Return verbatim the line containing "have [c0|c0] := eqVneq c 0." together with all lines that follow it, through the end of the records.

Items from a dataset

---+---

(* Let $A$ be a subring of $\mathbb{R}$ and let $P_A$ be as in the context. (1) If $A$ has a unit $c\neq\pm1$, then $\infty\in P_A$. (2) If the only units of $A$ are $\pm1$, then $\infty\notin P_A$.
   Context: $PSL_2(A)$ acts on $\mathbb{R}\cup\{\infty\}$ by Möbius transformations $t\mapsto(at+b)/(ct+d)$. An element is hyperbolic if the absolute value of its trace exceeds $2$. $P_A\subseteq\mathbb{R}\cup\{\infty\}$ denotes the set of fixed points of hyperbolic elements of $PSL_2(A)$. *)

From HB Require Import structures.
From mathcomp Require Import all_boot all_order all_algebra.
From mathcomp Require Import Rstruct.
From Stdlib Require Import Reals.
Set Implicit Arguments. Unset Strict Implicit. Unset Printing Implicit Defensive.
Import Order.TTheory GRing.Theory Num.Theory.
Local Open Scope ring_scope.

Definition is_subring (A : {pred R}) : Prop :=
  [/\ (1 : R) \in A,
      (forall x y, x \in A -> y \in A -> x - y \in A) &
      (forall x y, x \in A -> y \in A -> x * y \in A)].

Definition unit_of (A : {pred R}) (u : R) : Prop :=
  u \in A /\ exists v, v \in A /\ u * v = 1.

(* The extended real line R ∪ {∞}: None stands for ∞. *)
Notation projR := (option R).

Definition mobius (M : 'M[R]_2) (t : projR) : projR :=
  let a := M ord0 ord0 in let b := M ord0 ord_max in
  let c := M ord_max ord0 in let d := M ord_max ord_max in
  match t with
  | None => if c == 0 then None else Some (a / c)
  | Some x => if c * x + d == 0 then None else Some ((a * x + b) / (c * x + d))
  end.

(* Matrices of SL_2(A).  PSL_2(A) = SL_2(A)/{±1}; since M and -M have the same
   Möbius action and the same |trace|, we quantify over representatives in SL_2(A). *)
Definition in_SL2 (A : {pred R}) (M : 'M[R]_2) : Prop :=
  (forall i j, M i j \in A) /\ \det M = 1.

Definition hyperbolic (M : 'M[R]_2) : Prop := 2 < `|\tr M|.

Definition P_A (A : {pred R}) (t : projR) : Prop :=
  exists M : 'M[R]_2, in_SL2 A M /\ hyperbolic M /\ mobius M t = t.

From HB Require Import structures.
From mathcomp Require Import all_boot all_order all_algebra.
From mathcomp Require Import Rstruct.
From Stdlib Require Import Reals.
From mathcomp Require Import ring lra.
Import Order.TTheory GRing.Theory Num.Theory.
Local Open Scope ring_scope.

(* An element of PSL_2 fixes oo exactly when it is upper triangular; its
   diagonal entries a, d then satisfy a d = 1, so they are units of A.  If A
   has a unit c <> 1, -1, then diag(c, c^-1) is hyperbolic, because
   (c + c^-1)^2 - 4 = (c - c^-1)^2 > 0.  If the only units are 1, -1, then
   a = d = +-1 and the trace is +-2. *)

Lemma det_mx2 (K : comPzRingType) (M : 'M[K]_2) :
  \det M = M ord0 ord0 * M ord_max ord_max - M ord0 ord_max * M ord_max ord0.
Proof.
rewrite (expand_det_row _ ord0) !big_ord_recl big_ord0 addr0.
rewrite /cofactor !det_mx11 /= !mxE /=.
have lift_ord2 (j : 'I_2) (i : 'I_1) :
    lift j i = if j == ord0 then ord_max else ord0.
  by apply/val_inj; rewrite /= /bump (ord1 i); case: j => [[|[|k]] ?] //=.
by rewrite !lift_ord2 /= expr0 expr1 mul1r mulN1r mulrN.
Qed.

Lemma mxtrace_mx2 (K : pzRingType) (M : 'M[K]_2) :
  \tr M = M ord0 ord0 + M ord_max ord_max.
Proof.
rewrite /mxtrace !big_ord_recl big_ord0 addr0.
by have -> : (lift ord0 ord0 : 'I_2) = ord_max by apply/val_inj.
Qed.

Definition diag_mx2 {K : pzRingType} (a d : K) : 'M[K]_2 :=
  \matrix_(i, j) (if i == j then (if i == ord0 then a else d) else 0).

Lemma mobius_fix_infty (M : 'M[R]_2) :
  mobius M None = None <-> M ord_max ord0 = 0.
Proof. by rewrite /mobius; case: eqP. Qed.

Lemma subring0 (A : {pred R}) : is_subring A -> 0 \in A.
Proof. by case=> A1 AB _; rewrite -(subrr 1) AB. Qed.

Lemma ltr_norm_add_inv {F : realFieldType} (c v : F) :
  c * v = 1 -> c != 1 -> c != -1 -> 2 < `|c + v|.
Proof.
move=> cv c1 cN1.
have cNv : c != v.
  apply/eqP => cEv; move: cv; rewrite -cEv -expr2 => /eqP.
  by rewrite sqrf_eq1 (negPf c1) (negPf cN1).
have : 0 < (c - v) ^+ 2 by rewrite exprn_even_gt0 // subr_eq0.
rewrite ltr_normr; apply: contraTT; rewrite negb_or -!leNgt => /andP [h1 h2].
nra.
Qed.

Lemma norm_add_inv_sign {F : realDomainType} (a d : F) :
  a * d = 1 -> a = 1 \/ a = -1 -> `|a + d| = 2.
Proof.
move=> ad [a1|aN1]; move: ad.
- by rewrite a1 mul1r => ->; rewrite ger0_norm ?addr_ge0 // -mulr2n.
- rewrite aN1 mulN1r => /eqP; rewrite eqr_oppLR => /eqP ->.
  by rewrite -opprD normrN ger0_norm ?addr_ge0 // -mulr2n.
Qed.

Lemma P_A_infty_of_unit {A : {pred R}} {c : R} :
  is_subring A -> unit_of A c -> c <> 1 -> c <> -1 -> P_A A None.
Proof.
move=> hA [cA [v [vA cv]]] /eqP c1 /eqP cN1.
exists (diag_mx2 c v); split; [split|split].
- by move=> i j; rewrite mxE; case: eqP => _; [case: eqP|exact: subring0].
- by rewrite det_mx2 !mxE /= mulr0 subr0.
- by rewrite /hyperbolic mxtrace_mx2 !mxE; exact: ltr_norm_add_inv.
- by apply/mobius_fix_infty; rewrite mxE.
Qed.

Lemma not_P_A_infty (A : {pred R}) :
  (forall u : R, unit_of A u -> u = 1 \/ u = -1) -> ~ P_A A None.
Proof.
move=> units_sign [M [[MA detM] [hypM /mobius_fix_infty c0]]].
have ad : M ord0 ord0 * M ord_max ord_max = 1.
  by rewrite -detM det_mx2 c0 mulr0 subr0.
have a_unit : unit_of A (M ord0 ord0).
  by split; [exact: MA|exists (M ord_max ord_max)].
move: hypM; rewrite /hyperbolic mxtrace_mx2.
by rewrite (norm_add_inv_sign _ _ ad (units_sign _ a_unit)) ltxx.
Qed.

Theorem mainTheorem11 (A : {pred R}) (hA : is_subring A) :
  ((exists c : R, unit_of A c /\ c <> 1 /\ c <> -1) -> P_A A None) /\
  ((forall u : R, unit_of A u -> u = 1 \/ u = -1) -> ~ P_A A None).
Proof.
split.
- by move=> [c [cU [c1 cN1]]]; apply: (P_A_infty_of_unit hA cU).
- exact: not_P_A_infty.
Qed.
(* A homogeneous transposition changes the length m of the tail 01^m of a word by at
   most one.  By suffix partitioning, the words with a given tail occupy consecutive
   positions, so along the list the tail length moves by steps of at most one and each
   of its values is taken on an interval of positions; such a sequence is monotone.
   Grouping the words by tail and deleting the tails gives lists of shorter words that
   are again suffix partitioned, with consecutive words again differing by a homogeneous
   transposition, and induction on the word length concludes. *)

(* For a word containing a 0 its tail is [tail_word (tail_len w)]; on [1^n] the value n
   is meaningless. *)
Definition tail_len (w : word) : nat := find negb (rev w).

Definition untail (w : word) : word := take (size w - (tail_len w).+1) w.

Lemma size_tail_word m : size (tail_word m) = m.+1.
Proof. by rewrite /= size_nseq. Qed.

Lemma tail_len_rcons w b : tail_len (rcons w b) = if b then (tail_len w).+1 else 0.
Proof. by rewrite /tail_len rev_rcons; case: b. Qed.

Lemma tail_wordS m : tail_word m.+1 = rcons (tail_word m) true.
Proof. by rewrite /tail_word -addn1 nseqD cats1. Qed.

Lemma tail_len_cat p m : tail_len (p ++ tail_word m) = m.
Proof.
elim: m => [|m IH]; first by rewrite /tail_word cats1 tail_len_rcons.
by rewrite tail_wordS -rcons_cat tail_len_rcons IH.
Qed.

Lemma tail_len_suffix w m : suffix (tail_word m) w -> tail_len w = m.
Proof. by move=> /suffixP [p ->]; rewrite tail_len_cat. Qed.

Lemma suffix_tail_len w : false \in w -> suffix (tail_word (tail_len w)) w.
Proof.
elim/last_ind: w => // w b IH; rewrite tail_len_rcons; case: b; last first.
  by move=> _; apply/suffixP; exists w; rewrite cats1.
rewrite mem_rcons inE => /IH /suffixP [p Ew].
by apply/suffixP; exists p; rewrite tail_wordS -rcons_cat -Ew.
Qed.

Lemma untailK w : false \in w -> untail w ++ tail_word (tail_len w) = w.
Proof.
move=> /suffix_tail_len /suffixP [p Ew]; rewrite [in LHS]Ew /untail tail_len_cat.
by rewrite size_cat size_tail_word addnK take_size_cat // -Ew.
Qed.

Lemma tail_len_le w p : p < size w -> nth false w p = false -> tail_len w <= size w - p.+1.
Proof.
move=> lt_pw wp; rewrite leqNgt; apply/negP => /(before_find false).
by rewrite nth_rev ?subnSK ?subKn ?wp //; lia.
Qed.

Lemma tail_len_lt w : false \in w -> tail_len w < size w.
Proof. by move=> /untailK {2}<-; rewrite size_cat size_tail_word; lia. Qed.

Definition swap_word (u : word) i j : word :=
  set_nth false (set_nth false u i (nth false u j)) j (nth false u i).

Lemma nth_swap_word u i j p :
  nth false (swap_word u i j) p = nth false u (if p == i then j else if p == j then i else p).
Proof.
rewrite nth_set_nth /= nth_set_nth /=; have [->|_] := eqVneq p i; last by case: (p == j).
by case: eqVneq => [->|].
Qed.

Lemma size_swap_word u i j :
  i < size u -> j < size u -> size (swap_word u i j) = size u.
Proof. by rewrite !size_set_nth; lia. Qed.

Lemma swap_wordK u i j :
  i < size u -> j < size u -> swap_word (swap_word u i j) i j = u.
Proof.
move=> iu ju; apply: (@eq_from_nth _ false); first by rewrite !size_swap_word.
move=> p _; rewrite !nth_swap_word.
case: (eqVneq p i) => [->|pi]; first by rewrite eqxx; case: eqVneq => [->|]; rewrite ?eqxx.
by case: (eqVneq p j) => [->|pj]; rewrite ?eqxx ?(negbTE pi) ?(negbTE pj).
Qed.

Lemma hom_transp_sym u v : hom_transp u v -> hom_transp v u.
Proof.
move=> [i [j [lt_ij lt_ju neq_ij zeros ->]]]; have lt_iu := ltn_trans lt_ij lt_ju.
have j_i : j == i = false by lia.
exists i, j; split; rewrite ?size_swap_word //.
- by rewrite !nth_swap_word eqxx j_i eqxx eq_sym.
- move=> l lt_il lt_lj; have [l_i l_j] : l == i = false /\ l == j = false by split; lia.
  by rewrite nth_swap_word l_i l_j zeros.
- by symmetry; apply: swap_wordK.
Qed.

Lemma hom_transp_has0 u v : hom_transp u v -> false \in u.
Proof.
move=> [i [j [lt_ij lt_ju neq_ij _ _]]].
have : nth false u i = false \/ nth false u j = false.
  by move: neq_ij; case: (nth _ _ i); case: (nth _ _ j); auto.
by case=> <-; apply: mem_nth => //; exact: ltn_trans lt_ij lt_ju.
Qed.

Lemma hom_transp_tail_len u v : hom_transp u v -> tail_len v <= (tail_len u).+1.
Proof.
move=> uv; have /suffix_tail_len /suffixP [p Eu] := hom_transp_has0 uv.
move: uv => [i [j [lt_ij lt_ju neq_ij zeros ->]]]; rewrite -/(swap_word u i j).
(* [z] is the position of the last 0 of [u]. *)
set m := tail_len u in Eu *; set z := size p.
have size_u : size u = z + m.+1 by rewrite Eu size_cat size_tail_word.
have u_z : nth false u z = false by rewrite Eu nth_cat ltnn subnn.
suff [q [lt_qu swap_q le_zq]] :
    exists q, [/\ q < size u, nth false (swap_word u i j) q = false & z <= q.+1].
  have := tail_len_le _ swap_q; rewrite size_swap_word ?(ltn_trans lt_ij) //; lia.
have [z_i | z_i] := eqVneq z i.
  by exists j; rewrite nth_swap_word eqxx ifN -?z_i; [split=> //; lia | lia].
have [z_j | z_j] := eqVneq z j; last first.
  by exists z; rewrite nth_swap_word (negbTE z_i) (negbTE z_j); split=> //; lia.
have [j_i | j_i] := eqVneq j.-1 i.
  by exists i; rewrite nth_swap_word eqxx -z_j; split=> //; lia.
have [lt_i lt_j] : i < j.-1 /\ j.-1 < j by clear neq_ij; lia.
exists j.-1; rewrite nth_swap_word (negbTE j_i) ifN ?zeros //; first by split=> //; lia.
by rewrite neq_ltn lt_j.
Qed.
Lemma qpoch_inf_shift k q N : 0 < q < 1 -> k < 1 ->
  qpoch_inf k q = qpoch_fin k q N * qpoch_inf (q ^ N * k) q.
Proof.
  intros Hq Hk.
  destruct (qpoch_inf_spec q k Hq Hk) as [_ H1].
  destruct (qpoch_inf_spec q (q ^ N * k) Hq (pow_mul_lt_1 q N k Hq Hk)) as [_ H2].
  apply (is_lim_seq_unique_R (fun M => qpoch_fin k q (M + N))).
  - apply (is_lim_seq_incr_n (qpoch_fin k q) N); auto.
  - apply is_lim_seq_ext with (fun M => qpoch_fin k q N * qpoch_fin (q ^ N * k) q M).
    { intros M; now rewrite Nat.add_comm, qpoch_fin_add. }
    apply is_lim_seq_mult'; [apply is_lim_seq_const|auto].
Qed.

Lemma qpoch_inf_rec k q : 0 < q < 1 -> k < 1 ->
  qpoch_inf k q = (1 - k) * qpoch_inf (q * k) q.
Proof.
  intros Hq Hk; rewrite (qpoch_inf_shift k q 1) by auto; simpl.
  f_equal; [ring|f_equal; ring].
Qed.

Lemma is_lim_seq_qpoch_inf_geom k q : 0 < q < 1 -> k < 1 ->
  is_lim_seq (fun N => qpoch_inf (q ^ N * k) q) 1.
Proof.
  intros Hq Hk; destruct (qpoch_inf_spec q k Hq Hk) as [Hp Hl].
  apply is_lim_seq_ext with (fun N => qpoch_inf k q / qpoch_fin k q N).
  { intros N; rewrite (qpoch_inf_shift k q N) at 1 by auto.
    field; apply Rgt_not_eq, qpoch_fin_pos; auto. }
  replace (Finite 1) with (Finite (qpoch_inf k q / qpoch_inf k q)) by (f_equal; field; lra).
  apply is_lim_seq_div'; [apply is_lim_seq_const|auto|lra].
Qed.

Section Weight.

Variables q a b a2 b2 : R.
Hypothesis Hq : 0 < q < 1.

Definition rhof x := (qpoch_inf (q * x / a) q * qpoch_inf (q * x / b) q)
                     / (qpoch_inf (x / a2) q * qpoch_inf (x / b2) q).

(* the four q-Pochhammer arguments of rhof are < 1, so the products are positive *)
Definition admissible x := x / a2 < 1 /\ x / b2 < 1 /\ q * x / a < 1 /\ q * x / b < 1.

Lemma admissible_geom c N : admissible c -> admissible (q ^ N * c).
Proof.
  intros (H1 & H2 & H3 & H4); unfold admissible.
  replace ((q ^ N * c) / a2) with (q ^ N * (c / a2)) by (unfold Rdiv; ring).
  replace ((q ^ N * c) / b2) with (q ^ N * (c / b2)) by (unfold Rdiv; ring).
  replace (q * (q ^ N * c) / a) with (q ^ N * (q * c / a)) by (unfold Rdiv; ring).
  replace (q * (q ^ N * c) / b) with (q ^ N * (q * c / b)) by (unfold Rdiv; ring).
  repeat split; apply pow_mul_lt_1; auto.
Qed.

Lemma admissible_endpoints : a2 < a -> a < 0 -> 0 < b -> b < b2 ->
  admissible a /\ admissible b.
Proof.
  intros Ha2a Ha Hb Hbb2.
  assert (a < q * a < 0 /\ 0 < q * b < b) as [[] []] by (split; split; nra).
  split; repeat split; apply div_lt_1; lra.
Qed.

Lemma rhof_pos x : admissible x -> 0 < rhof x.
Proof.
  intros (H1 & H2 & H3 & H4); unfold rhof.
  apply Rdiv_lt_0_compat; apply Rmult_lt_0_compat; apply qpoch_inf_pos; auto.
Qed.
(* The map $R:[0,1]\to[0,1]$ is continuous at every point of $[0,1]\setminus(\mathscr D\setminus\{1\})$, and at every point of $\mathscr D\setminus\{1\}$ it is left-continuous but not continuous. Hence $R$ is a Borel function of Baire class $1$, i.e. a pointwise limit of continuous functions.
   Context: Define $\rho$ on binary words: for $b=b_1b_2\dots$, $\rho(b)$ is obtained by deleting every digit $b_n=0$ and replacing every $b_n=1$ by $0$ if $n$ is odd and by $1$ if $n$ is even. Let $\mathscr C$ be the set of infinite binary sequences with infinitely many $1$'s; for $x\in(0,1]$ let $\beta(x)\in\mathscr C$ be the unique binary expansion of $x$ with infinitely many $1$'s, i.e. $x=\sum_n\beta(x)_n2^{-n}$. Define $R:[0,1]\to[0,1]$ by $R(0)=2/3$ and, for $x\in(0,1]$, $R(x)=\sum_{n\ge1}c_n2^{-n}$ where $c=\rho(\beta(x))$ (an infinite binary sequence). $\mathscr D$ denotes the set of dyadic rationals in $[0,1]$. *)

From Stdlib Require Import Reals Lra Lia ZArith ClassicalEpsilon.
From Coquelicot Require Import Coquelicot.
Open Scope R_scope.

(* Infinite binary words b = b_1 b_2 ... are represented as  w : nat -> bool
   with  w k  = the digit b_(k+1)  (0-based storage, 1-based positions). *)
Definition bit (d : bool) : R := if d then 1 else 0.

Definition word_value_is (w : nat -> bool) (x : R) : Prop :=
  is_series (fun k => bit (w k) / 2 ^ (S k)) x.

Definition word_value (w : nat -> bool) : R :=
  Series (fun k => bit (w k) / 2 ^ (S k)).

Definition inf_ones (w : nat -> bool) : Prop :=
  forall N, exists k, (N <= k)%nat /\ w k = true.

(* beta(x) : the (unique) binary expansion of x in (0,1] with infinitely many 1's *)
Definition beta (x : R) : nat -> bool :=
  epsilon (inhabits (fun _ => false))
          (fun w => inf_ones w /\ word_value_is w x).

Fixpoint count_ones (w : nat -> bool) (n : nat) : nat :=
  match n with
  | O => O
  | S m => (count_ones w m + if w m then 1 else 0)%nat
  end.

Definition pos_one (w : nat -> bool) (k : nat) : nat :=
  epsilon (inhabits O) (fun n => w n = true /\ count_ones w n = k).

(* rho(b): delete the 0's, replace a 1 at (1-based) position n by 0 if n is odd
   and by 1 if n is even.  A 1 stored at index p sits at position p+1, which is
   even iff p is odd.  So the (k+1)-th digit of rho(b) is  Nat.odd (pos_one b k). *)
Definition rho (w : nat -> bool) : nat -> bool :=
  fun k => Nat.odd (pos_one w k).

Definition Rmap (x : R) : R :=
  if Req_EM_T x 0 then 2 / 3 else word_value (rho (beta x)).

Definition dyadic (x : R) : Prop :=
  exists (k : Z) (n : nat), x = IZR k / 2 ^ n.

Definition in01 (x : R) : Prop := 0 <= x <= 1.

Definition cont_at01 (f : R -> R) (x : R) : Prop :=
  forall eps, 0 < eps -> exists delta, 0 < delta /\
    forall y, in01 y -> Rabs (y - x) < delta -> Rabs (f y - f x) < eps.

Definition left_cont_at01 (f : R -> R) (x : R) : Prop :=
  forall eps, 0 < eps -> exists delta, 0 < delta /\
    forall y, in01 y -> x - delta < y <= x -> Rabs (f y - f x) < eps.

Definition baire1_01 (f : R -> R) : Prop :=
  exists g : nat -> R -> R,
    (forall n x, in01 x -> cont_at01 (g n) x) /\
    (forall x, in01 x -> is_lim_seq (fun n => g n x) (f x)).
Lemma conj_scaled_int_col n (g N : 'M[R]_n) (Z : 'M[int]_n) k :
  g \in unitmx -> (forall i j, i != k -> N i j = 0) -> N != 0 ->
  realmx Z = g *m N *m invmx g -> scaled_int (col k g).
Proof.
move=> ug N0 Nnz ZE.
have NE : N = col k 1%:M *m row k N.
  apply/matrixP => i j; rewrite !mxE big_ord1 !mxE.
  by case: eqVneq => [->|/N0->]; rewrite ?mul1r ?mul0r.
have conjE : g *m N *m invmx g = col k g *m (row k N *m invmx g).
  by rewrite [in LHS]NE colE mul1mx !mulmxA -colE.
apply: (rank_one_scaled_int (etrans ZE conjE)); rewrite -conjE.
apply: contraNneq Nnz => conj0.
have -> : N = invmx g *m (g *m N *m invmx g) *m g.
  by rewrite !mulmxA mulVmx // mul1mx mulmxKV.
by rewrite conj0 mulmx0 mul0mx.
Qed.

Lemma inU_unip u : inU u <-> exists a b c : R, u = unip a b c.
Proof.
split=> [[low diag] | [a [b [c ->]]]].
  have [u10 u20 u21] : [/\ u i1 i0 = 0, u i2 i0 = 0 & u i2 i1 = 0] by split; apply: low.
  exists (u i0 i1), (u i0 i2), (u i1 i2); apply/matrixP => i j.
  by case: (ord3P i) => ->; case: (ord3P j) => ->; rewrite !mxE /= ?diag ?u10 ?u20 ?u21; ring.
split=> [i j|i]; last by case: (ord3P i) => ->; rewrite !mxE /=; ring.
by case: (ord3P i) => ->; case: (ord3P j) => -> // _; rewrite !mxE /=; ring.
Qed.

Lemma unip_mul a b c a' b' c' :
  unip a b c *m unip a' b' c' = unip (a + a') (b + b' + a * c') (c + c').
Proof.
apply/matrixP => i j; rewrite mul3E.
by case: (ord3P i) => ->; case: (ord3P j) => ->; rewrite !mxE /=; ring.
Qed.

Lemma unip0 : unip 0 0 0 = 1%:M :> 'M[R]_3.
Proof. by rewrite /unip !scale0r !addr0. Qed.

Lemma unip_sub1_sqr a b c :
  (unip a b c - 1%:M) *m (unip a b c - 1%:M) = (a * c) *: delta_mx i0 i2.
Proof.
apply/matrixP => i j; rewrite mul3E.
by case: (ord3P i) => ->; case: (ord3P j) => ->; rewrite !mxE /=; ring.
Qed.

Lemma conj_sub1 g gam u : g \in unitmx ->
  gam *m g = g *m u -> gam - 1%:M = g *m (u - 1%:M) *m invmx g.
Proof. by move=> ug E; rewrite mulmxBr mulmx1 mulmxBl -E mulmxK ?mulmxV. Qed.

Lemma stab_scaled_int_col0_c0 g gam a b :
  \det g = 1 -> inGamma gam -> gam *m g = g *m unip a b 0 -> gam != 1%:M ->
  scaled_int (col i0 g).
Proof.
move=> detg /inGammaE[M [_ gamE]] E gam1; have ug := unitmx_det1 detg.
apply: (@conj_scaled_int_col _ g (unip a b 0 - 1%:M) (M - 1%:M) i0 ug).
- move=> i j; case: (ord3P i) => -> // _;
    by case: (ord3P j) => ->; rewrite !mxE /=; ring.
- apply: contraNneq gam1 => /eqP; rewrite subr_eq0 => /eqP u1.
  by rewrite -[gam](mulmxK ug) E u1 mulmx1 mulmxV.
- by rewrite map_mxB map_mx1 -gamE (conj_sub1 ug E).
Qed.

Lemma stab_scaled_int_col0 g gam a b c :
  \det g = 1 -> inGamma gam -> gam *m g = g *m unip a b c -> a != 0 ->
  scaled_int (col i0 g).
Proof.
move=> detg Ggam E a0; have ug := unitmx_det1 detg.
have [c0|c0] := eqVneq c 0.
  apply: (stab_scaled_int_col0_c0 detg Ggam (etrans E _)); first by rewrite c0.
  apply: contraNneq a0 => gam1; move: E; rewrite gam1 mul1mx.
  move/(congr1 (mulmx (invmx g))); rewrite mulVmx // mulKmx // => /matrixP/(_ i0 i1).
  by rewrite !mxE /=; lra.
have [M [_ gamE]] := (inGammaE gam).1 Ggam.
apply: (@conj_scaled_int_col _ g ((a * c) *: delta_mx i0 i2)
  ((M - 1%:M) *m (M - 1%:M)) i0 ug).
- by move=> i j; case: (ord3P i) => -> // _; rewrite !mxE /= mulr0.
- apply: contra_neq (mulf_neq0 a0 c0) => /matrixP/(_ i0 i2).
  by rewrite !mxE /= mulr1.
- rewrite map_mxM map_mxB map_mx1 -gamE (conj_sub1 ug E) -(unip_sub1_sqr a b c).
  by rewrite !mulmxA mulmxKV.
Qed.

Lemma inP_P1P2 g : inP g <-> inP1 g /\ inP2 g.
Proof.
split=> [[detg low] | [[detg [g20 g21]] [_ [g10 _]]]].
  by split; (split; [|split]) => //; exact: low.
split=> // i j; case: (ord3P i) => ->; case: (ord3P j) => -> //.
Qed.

---+---

◆ **Completed task**:
have [c0|c0] := eqVneq c 0.
  apply: (stab_scaled_int_col0_c0 detg Ggam (etrans E _)); first by rewrite c0.
  apply: contraNneq a0 => gam1; move: E; rewrite gam1 mul1mx.
  move/(congr1 (mulmx (invmx g))); rewrite mulVmx // mulKmx // => /matrixP/(_ i0 i1).
  by rewrite !mxE /=; lra.
have [M [_ gamE]] := (inGammaE gam).1 Ggam.
apply: (@conj_scaled_int_col _ g ((a * c) *: delta_mx i0 i2)
  ((M - 1%:M) *m (M - 1%:M)) i0 ug).
- by move=> i j; case: (ord3P i) => -> // _; rewrite !mxE /= mulr0.
- apply: contra_neq (mulf_neq0 a0 c0) => /matrixP/(_ i0 i2).
  by rewrite !mxE /= mulr1.
- rewrite map_mxM map_mxB map_mx1 -gamE (conj_sub1 ug E) -(unip_sub1_sqr a b c).
  by rewrite !mulmxA mulmxKV.
Qed.

Lemma inP_P1P2 g : inP g <-> inP1 g /\ inP2 g.
Proof.
split=> [[detg low] | [[detg [g20 g21]] [_ [g10 _]]]].
  by split; (split; [|split]) => //; exact: low.
split=> // i j; case: (ord3P i) => ->; case: (ord3P j) => -> //.
Qed.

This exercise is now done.